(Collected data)
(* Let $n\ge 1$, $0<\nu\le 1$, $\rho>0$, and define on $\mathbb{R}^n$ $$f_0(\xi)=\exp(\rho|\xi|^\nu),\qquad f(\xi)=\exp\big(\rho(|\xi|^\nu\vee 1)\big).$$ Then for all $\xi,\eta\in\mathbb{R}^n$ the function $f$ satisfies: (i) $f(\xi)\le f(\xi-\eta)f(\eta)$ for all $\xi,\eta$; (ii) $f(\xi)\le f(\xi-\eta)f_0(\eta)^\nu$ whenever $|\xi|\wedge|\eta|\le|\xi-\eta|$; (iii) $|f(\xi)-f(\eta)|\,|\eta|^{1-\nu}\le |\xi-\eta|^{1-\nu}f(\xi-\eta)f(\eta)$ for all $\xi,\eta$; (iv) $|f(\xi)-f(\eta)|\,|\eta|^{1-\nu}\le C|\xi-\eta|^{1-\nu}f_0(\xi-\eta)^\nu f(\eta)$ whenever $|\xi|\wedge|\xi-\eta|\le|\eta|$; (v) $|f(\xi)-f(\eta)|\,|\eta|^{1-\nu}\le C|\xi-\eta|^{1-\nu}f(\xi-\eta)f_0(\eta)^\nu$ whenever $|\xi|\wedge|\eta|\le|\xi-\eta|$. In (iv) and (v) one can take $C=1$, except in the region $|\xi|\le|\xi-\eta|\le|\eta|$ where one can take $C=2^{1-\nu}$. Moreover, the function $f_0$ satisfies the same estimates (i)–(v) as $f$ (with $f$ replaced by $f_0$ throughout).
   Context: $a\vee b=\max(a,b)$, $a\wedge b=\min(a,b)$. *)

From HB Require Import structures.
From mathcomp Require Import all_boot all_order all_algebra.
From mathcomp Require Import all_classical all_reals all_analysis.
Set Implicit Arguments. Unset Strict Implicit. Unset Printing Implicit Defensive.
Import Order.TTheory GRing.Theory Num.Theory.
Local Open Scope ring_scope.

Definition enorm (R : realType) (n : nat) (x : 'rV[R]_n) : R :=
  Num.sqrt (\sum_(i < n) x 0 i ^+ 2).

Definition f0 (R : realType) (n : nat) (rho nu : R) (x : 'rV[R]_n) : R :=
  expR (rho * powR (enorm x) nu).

What is being asked >> The answer should hold the lines from the one containing "Local Open Scope ring_scope." through the end of the entries above, set down exactly, with both ends included.

Exercise result >>
Local Open Scope ring_scope.

Definition enorm (R : realType) (n : nat) (x : 'rV[R]_n) : R :=
  Num.sqrt (\sum_(i < n) x 0 i ^+ 2).

Definition f0 (R : realType) (n : nat) (rho nu : R) (x : 'rV[R]_n) : R :=
  expR (rho * powR (enorm x) nu).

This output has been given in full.